The Protecting Americans from Tax Hikes (PATH) Act of 2015 brought about many changes to the tax law, many of which provide substantial opportunities for a wide variety of taxpayers. There has been a significant amount of buzz related to some of the enhancements the PATH Act provided to the R&D tax credit, as well as the renewal of bonus depreciation, and rightfully so. The one modification that no one seems to be talking about is the new category of property entitled “Qualified Improvement Property.”

Why Is “Qualified Improvement Property” A Big Deal?

The main reason qualified improvement property is worth paying attention to is that it provides a new category of property that will be eligible for bonus depreciation. What’s more exciting is the types of property that meet the definition of qualified improvement property. These are items with a 39-year recovery period that have historically been excluded from bonus depreciation. Furthermore, qualified improvement property is defined much broader than other categories of bonus eligible property, such as qualified leasehold improvements or qualified retail property. In short, this new provision will allow taxpayers investing in improvements to real estate a new opportunity for significant tax savings.

What Exactly Is “Qualified Improvement Property?”
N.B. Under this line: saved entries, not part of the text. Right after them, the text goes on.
(* Let $F$ be a distribution on $[0,\infty)$ with unbounded support and let $\gamma\ge0$ satisfy $\varphi(\gamma)<\infty$. Let $G(du)=e^{\gamma u}F(du)/\varphi(\gamma)$. Then $$\liminf_{x\to\infty}\frac{\overline{G*G}(x)}{\overline{G}(x)}\ge\frac{1}{\varphi(\gamma)}\liminf_{x\to\infty}\frac{\overline{F*F}(x)}{\overline{F}(x)}$$ and $$\limsup_{x\to\infty}\frac{\overline{G*G}(x)}{\overline{G}(x)}\le\frac{1}{\varphi(\gamma)}\limsup_{x\to\infty}\frac{\overline{F*F}(x)}{\overline{F}(x)}.$$
   Context: $\overline{F}(x)=F(x,\infty)$ is the tail of $F$; $\varphi(\gamma)=\int_0^\infty e^{\gamma x}F(dx)$. *)

From HB Require Import structures.
From mathcomp Require Import all_boot all_order all_algebra.
From mathcomp Require Import all_classical all_reals all_analysis.
Set Implicit Arguments. Unset Strict Implicit. Unset Printing Implicit Defensive.
Import Order.TTheory GRing.Theory Num.Theory.
Import numFieldNormedType.Exports.
Local Open Scope classical_set_scope.
Local Open Scope ring_scope.

Definition tail (R : realType) (F : probability (measurableTypeR R) R) (x : R)
  : \bar R := F `]x, +oo[%classic.

(* tail of the convolution F*G at x: (F (x) G){(u,v) | u + v > x}, i.e. the
   law of the sum of two independent variables with laws F and G. *)
Definition conv_tail (R : realType) (F G : probability (measurableTypeR R) R)
  (x : R) : \bar R := (F \x G)%E [set p | x < p.1 + p.2].

Definition mgf (R : realType) (F : probability (measurableTypeR R) R) (g : R)
  : \bar R := (\int[F]_(x in `[0%R, +oo[%classic) (expR (g * x))%:E)%E.

Definition conv_ratio (R : realType) (F : probability (measurableTypeR R) R)
  (x : R) : \bar R := (fine (conv_tail F F x) / fine (tail F x))%:E.

From HB Require Import structures.
From mathcomp Require Import all_boot all_order all_algebra.
From mathcomp Require Import all_classical all_reals all_analysis.
From mathcomp Require Import measurable_realfun ring.
Import Order.TTheory GRing.Theory Num.Theory.
Import numFieldNormedType.Exports.
Set Implicit Arguments. Unset Strict Implicit. Unset Printing Implicit Defensive.
Local Open Scope classical_set_scope.
Local Open Scope ring_scope.

(* Write J(mu, h, x) = int_{h > x} e^{gamma h} dmu.  The tilted tails are
   tail G = J(F, id) / phi(gamma) and tail (G * G) = J(F (x) F, +) / phi(gamma)^2,
   so the ratio for G is J(F (x) F, +) / J(F, id) scaled by 1 / phi(gamma).
   Since gamma >= 0, every superlevel set {s | y < 1_{s > x} e^{gamma s}} is
   empty or a ray (m, oo) with m >= x, so by the layer-cake formula a bound
   c tail F(t) <= tail (F * F)(t) for all t >= x integrates to
   c J(F, id)(x) <= J(F (x) F, +)(x), and symmetrically for upper bounds.
   Eventual bounds on the ratio for F thus pass to the ratio for G. *)

Lemma measurable_set_bool d (T : measurableType d) (b : T -> bool) :
  measurable_fun setT b -> measurable [set x | b x].
Proof. by move=> mb; rewrite -(setTI [set x | b x]); exact: mb measurableT [set true] I. Qed.

Lemma fin_num_pmulE (R : realType) (k : R) (e : \bar R) : 0 < k ->
  (k%:E * e \is a fin_num)%E = (e \is a fin_num).
Proof. by move=> k_gt0; case: e => //= [|]; rewrite ?gt0_muley ?gt0_muleNy. Qed.

Lemma lee_EFinM_fine (R : realType) (a b : R) (x y : \bar R) :
  x \is a fin_num -> y \is a fin_num ->
  (a%:E * x <= b%:E * y)%E = (a * fine x <= b * fine y).
Proof. by move: x y => [x| |] [y| |]. Qed.

Lemma probability_fin_num d (T : measurableType d) (R : realType)
    (P : probability T R) (A : set T) :
  measurable A -> P A \is a fin_num.
Proof. by move=> mA; rewrite ge0_fin_numE // (le_lt_trans (probability_le1 P mA)) ?ltey. Qed.

Section limf_pscale.
Local Open Scope ereal_scope.
Context (U : choiceType) (T : filteredType U) (R : realType) (F : set_system T)
  {FF : Filter F}.
Implicit Types f g : T -> \bar R.

Lemma limf_einf_ge g (c : \bar R) :
  (\forall x \near F, c <= g x) -> c <= limf_einf g F.
Proof.
move=> cg; rewrite limf_einfE; apply: le_ereal_sup_tmp.
exists (ereal_inf (g @` [set x | c <= g x])); first by exists [set x | c <= g x].
by apply/ereal_infP => _ [x + <-].
Qed.

Variable k : R.
Hypothesis k_gt0 : (0 < k)%R.

Lemma pmul_limf_einf_le f g :
  (forall c : R, (\forall x \near F, c%:E <= f x) ->
                 (\forall x \near F, (k * c)%:E <= g x)) ->
  k%:E * limf_einf f F <= limf_einf g F.
Proof.
move=> fg; rewrite -lee_pdivlMl // limf_einfE.
apply/ge_ereal_sup => _ [V FV <-].
have inf_le c : c%:E <= ereal_inf (f @` V) -> (k * c)%:E <= limf_einf g F.
  move=> /ereal_infP cV; apply/limf_einf_ge/fg.
  by apply: filterS FV => x Vx; apply: cV; exists x.
case: (ereal_inf (f @` V)) inf_le => [r| |] inf_le.
- by rewrite lee_pdivlMl // -EFinM; exact: inf_le.
- suff -> : limf_einf g F = +oo by rewrite gt0_muley // lte_fin invr_gt0.
  apply: eq_infty => r; have := inf_le (r / k)%R (leey _).
  by rewrite mulrCA divff ?mulr1 // gt_eqF.
- by rewrite leNye.
Qed.

Lemma limf_esup_le_pmul f g :
  (forall c : R, (\forall x \near F, f x <= c%:E) ->
                 (\forall x \near F, g x <= (k * c)%:E)) ->
  limf_esup g F <= k%:E * limf_esup f F.
Proof.
move=> fg; rewrite -leeN2 -muleN -!limf_einfN.
apply: pmul_limf_einf_le => c cf.
have /fg : \forall x \near F, f x <= (- c)%:E.
  by apply: filterS cf => x; rewrite EFinN leeNr.
by apply: filterS => x; rewrite leeNr -EFinN -mulrN.
Qed.

End limf_pscale.

Section layer_cake.
Context d (T : measurableType d) (R : realType).
Variables (mu : {sigma_finite_measure set T -> \bar R}) (f : T -> R).
Hypotheses (mf : measurable_fun setT f) (f_ge0 : forall t, 0 <= f t).

Let hypograph := [set p : T * R | 0 <= p.2 < f p.1].

Let measurable_hypograph : measurable hypograph.
Proof.
apply/measurable_set_bool/measurable_and; first exact: measurable_fun_ler.
by apply: measurable_fun_ltr => //; exact: measurableT_comp.
Qed.

Lemma measurable_fun_superlevel_measure :
  measurable_fun setT (fun y : R => mu [set t | 0 <= y < f t]).
Proof.
have := measurable_fun_ysection mu measurable_hypograph.
congr measurable_fun; apply/funext => y; congr (mu _).
by apply/seteqP; split => t; rewrite /ysection /= inE.
Qed.

Lemma ge0_integral_layer_cake :
  (\int[mu]_t (f t)%:E = \int[@lebesgue_measure R]_y mu [set t | (0 <= y < f t)%R])%E.
Proof.
have xsectionE t : @lebesgue_measure R (xsection hypograph t) = (f t)%:E.
  rewrite (_ : xsection _ _ = `[0, f t[%classic); last first.
    by apply/seteqP; split => y; rewrite /xsection /= inE /= in_itv.
  rewrite lebesgue_measure_itv /= lte_fin.
  by case: ltgtP (f_ge0 t) => // [_ _|<- _]; rewrite ?sube0.
transitivity (\int[mu]_t \int[@lebesgue_measure R]_y (\1_hypograph (t, y))%:E)%E.
  apply: eq_integral => t _.
  rewrite -xsectionE -(setIT (xsection _ _)) -integral_indic //; last exact: measurable_xsection.
  by apply: eq_integral => y _; rewrite !indicE mem_xsection.
rewrite (@fubini_tonelli _ _ T (measurableTypeR R) R mu lebesgue_measure
  (fun p => (\1_hypograph p)%:E)) //=; last exact/measurable_EFinP/measurable_indic.
apply: eq_integral => y _; rewrite -(setIT [set t | _]) -integral_indic //.
apply/measurable_set_bool/measurable_and; first exact: measurable_cst.
exact: measurable_fun_ltr.
Qed.

End layer_cake.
The PATH Act defines qualified improvement property as any improvement to an interior portion of a building that is nonresidential real property that is placed in service after the date the building was first placed in service (no more 3-year rule). Such improvements do not need to be pursuant to a lease. Improvements that are excluded as being qualified improvement property include 1) enlargements; 2) elevators/escalators; and 3) internal structural framework.